(* The correction factor is designed for this: a prefix z reached either by
   extending its parent (probability alpha) or by reselecting z itself
   (probability 1 - alpha) carries, on average, the target weight r(z)^beta_t. *)
Lemma Fcorr_balance t b0 b1 z : (1 <= t)%N -> (1 <= size z <= T.+1)%N ->
  (alpha t * (if (2 <= size z)%N then rx (pa z) `^ b0 else 0)
   + (1 - alpha t) * (if (size z <= t)%N then rx z `^ b0 else 0)) * Fc t b0 b1 z
  = rx z `^ b1.
Proof.
move=> t1 /andP[z1 zT].
have rz := rx_gt0 zT; have rpa := rx_pa_gt0 (leqW zT).
have := Fcorr_den_gt0 b0 t1 z1; rewrite FcorrE /Fcorr_den.
set u := (rx z / rx (pa z)) `^ b0; set v := rx (pa z) `^ b0.
have -> : rx z `^ b1 = rx z `^ b0 * rx z `^ (b1 - b0).
  by rewrite -powRD ?subrKC //; apply/implyP => _; rewrite gt_eqF.
have -> : rx z `^ b0 = u * v by rewrite /u /v -powRM ?divfK ?gt_eqF ?divr_ge0 ?ltW.
have u0 : u != 0 by rewrite gt_eqF // powR_gt0 // divr_gt0.
have a0 := lt0r_neq0 (alpha_gt0 t); have a1 := lt0r_neq0 (onem_alpha_gt0 t).
set w := rx z `^ (b1 - b0).
case: ifP; case: ifP => _ _ den0; rewrite ?mulr0 ?mulr1 ?addr0 ?add0r in den0 *.
all: first [by rewrite ltxx in den0 | by field; rewrite ?a0 ?a1 ?u0 ?lt0r_neq0].
Qed.

Lemma fexpect_extend (u : seq S) (h : seq S -> R) :
  fexpect (extend p u) h = \sum_(x : S) p u x * h (rcons u x).
Proof. by rewrite /fexpect /extend big_map big_enum /=; apply: eq_bigl => x; rewrite inE. Qed.

Lemma fmass_extend (u : seq S) : fmass (extend p u) = 1.
Proof. by rewrite /fmass fexpect_extend -[RHS](p_norm u); under eq_bigr do rewrite mulr1. Qed.

Lemma fdist_on_extend (u : seq S) : fdist_on (fun z => size z = (size u).+1) (extend p u).
Proof.
rewrite /extend; elim: (enum S) => [//|x l IH] /=.
by split; [split; [exact: p_ge0 | rewrite size_rcons] | exact: IH].
Qed.
Lemma phase_bound Sd : t O = 0 -> is_lim_seq t p_infty -> 0 <= g 0 ->
  (forall n, sumR n (delta t) <= Sd) ->
  forall s, 0 <= s -> g s <= g 0 * exp (- rho * s + (C + rho) * Sd).
Proof.
  intros Ht0 Hlim Hg0 HS s Hs.
  assert (Hmono : forall A B, A <= B -> g 0 * exp A <= g 0 * exp B).
  { intros A B HAB. apply Rmult_le_compat_l; auto.
    destruct HAB as [HAB | ->]; [left; now apply exp_increasing | lra]. }
  destruct (incr_seq_cover t Ht0 Ht Hlim s Hs) as [n Hn].
  destruct (Nat.Even_or_Odd n) as [[p ->]|[p ->]].
  - replace (S (2 * p)) with (2 * p + 1)%nat in Hn by lia.
    eapply Rle_trans; [apply (Hpos p); lra|].
    eapply Rle_trans; [apply Rmult_le_compat_r; [left; apply exp_pos | apply phase_bound_even]|].
    rewrite Ht0, Rmult_assoc, <- exp_plus. apply Hmono.
    pose proof (HS p). nra.
  - replace (S (2 * p + 1)) with (2 * p + 2)%nat in Hn by lia.
    pose proof (Ht (2 * p)) as Hp. replace (S (2 * p)) with (2 * p + 1)%nat in Hp by lia.
    eapply Rle_trans; [apply (Hneg p); lra|].
    eapply Rle_trans; [apply Rmult_le_compat_r; [left; apply exp_pos | apply (Hpos p); lra]|].
    eapply Rle_trans.
    { apply Rmult_le_compat_r; [left; apply exp_pos|].
      apply Rmult_le_compat_r; [left; apply exp_pos | apply phase_bound_even]. }
    rewrite Ht0, !Rmult_assoc, <- !exp_plus. apply Hmono.
    pose proof (HS (S p)) as HSp. simpl sumR in HSp. unfold delta at 2 in HSp.
    assert ((C + rho) * (s - t (2 * p + 1)%nat) <= (C + rho) * (t (2 * p + 2)%nat - t (2 * p + 1)%nat))
      by (apply Rmult_le_compat_l; lra).
    nra.
Qed.

End PhaseGluing.
(* Let $X$ be a regular space. If $t(Q_{P}(X))=\aleph_0$, then $X$ is a Lindelöf space.
   Context: A function $f\colon X\to Y$ between topological spaces is quasi-continuous at $x\in X$ if for every open $U\ni x$ and every open $V\ni f(x)$ there is a non-empty open $G\subseteq U$ with $f(G)\subseteq V$; $f$ is quasi-continuous if it is so at every point. $Q_{P}(X)$ is the set of quasi-continuous functions $X\to\mathbb{R}$ with the topology of point-wise convergence (subspace topology from $\mathbb{R}^X$). The tightness of a space $Z$ is $t(Z)=\sup_{z\in Z} t(z,Z)$, where $t(z,Z)=\aleph_0+\sup\{a(z,A): A\subseteq Z,\ z\in\overline{A}\}$ and $a(z,A)=\min\{|B|: B\subseteq A,\ z\in\overline{B}\}$. A space is Lindelöf if every open cover has a countable subcover. *)

From HB Require Import structures.
From mathcomp Require Import all_boot all_order all_algebra.
From mathcomp Require Import all_classical all_reals all_analysis.
Set Implicit Arguments. Unset Strict Implicit. Unset Printing Implicit Defensive.
Import Order.TTheory GRing.Theory Num.Theory numFieldNormedType.Exports.
Local Open Scope classical_set_scope.

Definition quasi_continuous_at (X Y : topologicalType) (f : X -> Y) (x : X) :=
  forall U V : set _, open U -> U x -> open V -> V (f x) ->
    exists G : set X, [/\ open G, G !=set0, G `<=` U & f @` G `<=` V].

Definition quasi_continuous (X Y : topologicalType) (f : X -> Y) :=
  forall x, quasi_continuous_at f x.

Definition QP_set (R : realType) (X : topologicalType) : set {ptws X -> R} :=
  [set f | quasi_continuous (Y := R) (f : X -> R)].


Definition countable_tightness_on (Z : topologicalType) (S : set Z) :=
  forall (z : Z) (A : set Z), S z -> A `<=` S -> closure A z ->
    exists2 B : set Z, B `<=` A & countable B /\ closure B z.

Definition lindelof (X : topologicalType) :=
  forall F : set (set X), (forall U, F U -> open U) ->
    \bigcup_(U in F) U = setT ->
    exists2 G : set (set X), G `<=` F & countable G /\ \bigcup_(U in G) U = setT.

Definition subspace_countable_tightness (T : topologicalType) (S : set T) :=
  countable_tightness_on (S : set (subspace S)).

(* t(Q_P(X)) = aleph_0: Q_P(X) is the set of quasi-continuous functions with
   the subspace topology of R^X = {ptws X -> R} (pointwise convergence). *)
Definition QP_countable_tightness (R : realType) (X : topologicalType) :=
  @subspace_countable_tightness {ptws X -> R} (@QP_set R X).

From HB Require Import structures.
From mathcomp Require Import all_boot all_order all_algebra.
From mathcomp Require Import all_classical all_reals all_analysis.
Import Order.TTheory GRing.Theory Num.Theory numFieldNormedType.Exports.
Local Open Scope classical_set_scope.
Local Open Scope ring_scope.

(* For an open cover F of the regular space X, let V range over the open sets
   whose closure lies in a member of F, and attach to each finite family S of
   such sets the function that is 0 on the closure of its union and 1 elsewhere.
   These functions are quasi-continuous, and the zero function lies in their
   pointwise closure since every finite set of points is covered by some S.
   Countable tightness yields countably many S such that every point lies in
   the closure of some union of S, hence in the closure of a single V, hence in
   the member of F chosen for V: a countable subcover. *)

Lemma closure_bigcup_finite {T : topologicalType} {I : Type} (D : set I)
    (F : I -> set T) : finite_set D ->
  closure (\bigcup_(i in D) F i) = \bigcup_(i in D) closure (F i).
Proof.
elim/Pchoice: I => I in D F *; move=> /finite_fsetP[{}D ->].
by rewrite !bigcup_fset (big_morph closure (@closureU T) (@closure0 T)).
Qed.

Lemma continuous_quasi_continuous {X Y : topologicalType} {f : X -> Y} :
  continuous f -> quasi_continuous f.
Proof.
move=> cf x U V oU Ux oV Vfx; exists (U `&` f @^-1` V); split.
- by apply: openI => //; apply: open_comp => // y _; exact: cf.
- by exists x.
- exact: subIsetl.
- by move=> _ [y [_ Vfy] <-].
Qed.

Lemma quasi_continuous_indic_closureC {R : numFieldType} {X : topologicalType}
    (W : set X) : open W -> quasi_continuous (\1_(~` closure W) : X -> R).
Proof.
move=> oW x U V oU Ux oV; rewrite indicC /=.
have [clWx|nclWx] := pselect (closure W x).
- rewrite mem_set // => V0.
  have [y [Wy Uy]] : W `&` U !=set0 by apply: clWx; exact: open_nbhs_nbhs.
  exists (U `&` W); split; [exact: openI | by exists y | exact: subIsetl |].
  by move=> _ [w [_ /subset_closure/mem_set Ww] <-]; rewrite Ww.
- rewrite memNset // => V1.
  exists (U `&` ~` closure W); split; [|by exists x|exact: subIsetl|].
    by apply: openI; rewrite // openC; exact: closed_closure.
  by move=> _ [w [_ nWw] <-]; rewrite memNset.
Qed.

Lemma ptws_closure_finite_agree {X : topologicalType} {Y : uniformType}
    (A : set {ptws X -> Y}) (f : {ptws X -> Y}) :
  (forall k : set X, finite_set k ->
    exists2 g, A g & k `<=` [set x | g x = f x]) ->
  closure A f.
Proof.
move=> agree.
pose D k := A `&` [set g : {ptws X -> Y} | k `<=` [set x | g x = f x]].
have PG : ProperFilter (filter_from finite_set D).
  apply: filter_from_proper => [|k /agree[g Ag kg]]; last by exists g.
  apply: filter_from_filter => [|k1 k2 k1fin k2fin]; first by exists set0.
  exists (k1 `|` k2); first by rewrite finite_setU.
  by move=> g [Ag k12g]; split; split => // x kx; apply: k12g; [left|right].
have Gf : filter_from finite_set D --> f.
  apply/(@pointwise_cvgP X Y _ f PG) => t P /= Pft.
  exists [set t]; first exact: finite_set1.
  by move=> g [_ /(_ t erefl) /= ->]; exact: nbhs_singleton.
move=> B /Gf[k kfin DkB].
by have [g Ag kg] := agree k kfin; exists g; split => //; apply: DkB.
Qed.

Lemma ptws_closure_eval {X : eqType} {Y : topologicalType}
    {A : set {ptws X -> Y}} {f : {ptws X -> Y}} (x : X) {U : set Y} :
  closure A f -> nbhs (f x) U -> exists2 g, A g & U (g x).
Proof.
by move=> clAf /(@proj_continuous _ _ x f)/clAf[g [Ag Ugx]]; exists g.
Qed.

Lemma countable_image_preimage {T U : Type} {f : T -> U} {A : set T}
    {B : set U} : B `<=` f @` A -> countable B ->
  exists2 C, C `<=` A & countable C /\ f @` C = B.
Proof.
elim/Ppointed: T => T in f A *.
  move=> BfA _; exists set0 => //; split=> //.
  by apply/seteqP; split=> u; [case=> t | move=> /BfA[t]]; case: (no t).
move=> BfA cB; have /choice[g gP] : forall u, exists t, B u -> A t /\ f t = u.
  move=> u; have [Bu|nBu] := pselect (B u); last by exists point.
  by have [t At ftu] := BfA u Bu; exists t.
exists (g @` B); first by move=> _ [u Bu <-]; exact: (gP u Bu).1.
split; first exact: card_le_trans (card_image_le _ _) cB.
apply/seteqP; split=> [_ [_ [u Bu <-] <-]|u Bu]; first by rewrite (gP u Bu).2.
by exists (g u); [exists u | exact: (gP u Bu).2].
Qed.

Lemma finite_subfamily_cover {T : Type} {V : set (set T)} {k : set T} :
  \bigcup_(W in V) W = setT -> finite_set k ->
  exists2 S, finite_set S /\ S `<=` V & k `<=` \bigcup_(W in S) W.
Proof.
move=> Vcover kfin.
have /choice[W WP] : forall x, exists W, V W /\ W x.
  move=> x; have : (\bigcup_(W in V) W) x by rewrite Vcover.
  by case=> W VW Wx; exists W.
exists (W @` k).
  by split; [exact: finite_image | move=> _ [x _ <-]; exact: (WP x).1].
by move=> x kx; exists (W x); [exists x | exact: (WP x).2].
Qed.

Section closure_refinement.
Context {X : topologicalType}.

Definition closure_refinement (F : set (set X)) :=
  [set V | open V /\ exists2 U, F U & closure V `<=` U].

Lemma regular_closure_refinement_cover {F : set (set X)} :
  regular_space X -> (forall U, F U -> open U) ->
  \bigcup_(U in F) U = setT -> \bigcup_(V in closure_refinement F) V = setT.
Proof.
move=> reg Fopen Fcover; apply/seteqP; split=> // x _.
have : (\bigcup_(U in F) U) x by rewrite Fcover.
case=> U FU Ux.
have [W Wx clWU] := reg x U (open_nbhs_nbhs (conj (Fopen U FU) Ux)).
exists W°; last exact: Wx.
split; first exact: open_interior.
exists U => //; apply: subset_trans clWU.
by apply: closureS; exact: interior_subset.
Qed.

Lemma countable_subcover_of_closures {F : set (set X)}
    {C : set (set (set X))} : countable C ->
  (forall S, C S -> finite_set S /\ S `<=` closure_refinement F) ->
  \bigcup_(S in C) closure (\bigcup_(V in S) V) = setT ->
  exists2 G, G `<=` F & countable G /\ \bigcup_(U in G) U = setT.
Proof.
move=> cC CS Ccover.
have /choice[U UP] : forall V, exists U, closure_refinement F V ->
    F U /\ closure V `<=` U.
  move=> V; have [[_ [U FU clVU]]|nFV] := pselect (closure_refinement F V).
    by exists U.
  by exists set0 => /nFV.
have refC : \bigcup_(S in C) S `<=` closure_refinement F.
  by move=> V [S /CS[_ SF] SV]; exact: SF.
exists (U @` \bigcup_(S in C) S).
  by move=> _ [V /refC/UP[FUV _] <-].
split.
  apply: card_le_trans (card_image_le _ _) _.
  by apply: bigcup_countable => // S /CS[Sfin _]; exact: finite_set_countable.
apply/seteqP; split=> // x _.
have : (\bigcup_(S in C) closure (\bigcup_(V in S) V)) x by rewrite Ccover.
case=> S CSx; have [Sfin _] := CS S CSx.
rewrite closure_bigcup_finite // => -[V SV clVx].
have CV : (\bigcup_(S in C) S) V by exists S.
by exists (U V); [exists V | exact: (UP V (refC V CV)).2].
Qed.

End closure_refinement.

Section coclosure_indic.
Context {R : realType} {X : topologicalType}.

Definition coclosure_indic (S : set (set X)) : {ptws X -> R} :=
  \1_(~` closure (\bigcup_(V in S) V)).

Lemma coclosure_indicE S x :
  coclosure_indic S x = (x \notin closure (\bigcup_(V in S) V))%:R.
Proof. by rewrite /coclosure_indic indicC. Qed.

Lemma QP_coclosure_indic S : (forall V, S V -> open V) ->
  @QP_set R X (coclosure_indic S).
Proof. by move=> Sopen; apply/quasi_continuous_indic_closureC/bigcup_open. Qed.

Lemma finite_cover_closure_coclosure_indic (V : set (set X)) :
  \bigcup_(W in V) W = setT ->
  closure (coclosure_indic @` [set S | finite_set S /\ S `<=` V]) (cst 0).
Proof.
move=> Vcover; apply: ptws_closure_finite_agree => k kfin.
have [S SV kS] := finite_subfamily_cover Vcover kfin.
exists (coclosure_indic S); first by exists S.
by move=> x /kS/subset_closure/mem_set clx; rewrite /= coclosure_indicE clx.
Qed.

Lemma closure_coclosure_indic_cover (C : set (set (set X))) :
  closure (coclosure_indic @` C) (cst 0) ->
  \bigcup_(S in C) closure (\bigcup_(V in S) V) = setT.
Proof.
move=> clC; apply/seteqP; split=> // x _.
have [_ [S CS <-]] := ptws_closure_eval x clC (lt_nbhsl (@ltr01 R)).
rewrite coclosure_indicE; case: (boolP (x \in _)) => [/set_mem clx _|_].
  by exists S.
by rewrite ltxx.
Qed.

End coclosure_indic.

Theorem mainTheorem3 (R : realType) (X : topologicalType) :
  regular_space X -> hausdorff_space X ->
  QP_countable_tightness R X ->
  lindelof X.
Proof.
move=> reg _ tight F Fopen Fcover.
pose fam := [set S | finite_set S /\ S `<=` closure_refinement F].
have famQP : coclosure_indic @` fam `<=` @QP_set R X.
  by move=> _ [S [_ SF] <-]; apply: QP_coclosure_indic => V /SF[].
have QP0 : @QP_set R X (cst 0).
  exact: continuous_quasi_continuous (@cst_continuous X R 0).
have clfam :
    closure (coclosure_indic @` fam : set (subspace (@QP_set R X))) (cst 0).
  rewrite closure_subspaceW //; split => //.
  exact/finite_cover_closure_coclosure_indic/regular_closure_refinement_cover.
have [B Bfam [cB]] := tight _ _ QP0 famQP clfam.
rewrite closure_subspaceW => [[clB _]|]; last exact: subset_trans famQP.
have [C Cfam [cC CB]] := countable_image_preimage Bfam cB.
apply: (countable_subcover_of_closures cC) => [S /Cfam //|].
by apply: (@closure_coclosure_indic_cover R); rewrite CB.
Qed.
┄┄┄┄┄┄┄┄┄┄┄┄┄┄┄┄┄┄┄┄
▶ [YOUR GOAL] In the listing above, the lines from the one containing "case: ifP; case: ifP" through the one containing "Proof. by rewrite /fexpect" must be set down exactly, with no other lines.

▶ [TASK RESPONSE]
case: ifP; case: ifP => _ _ den0; rewrite ?mulr0 ?mulr1 ?addr0 ?add0r in den0 *.
all: first [by rewrite ltxx in den0 | by field; rewrite ?a0 ?a1 ?u0 ?lt0r_neq0].
Qed.

Lemma fexpect_extend (u : seq S) (h : seq S -> R) :
  fexpect (extend p u) h = \sum_(x : S) p u x * h (rcons u x).
Proof. by rewrite /fexpect /extend big_map big_enum /=; apply: eq_bigl => x; rewrite inE. Qed.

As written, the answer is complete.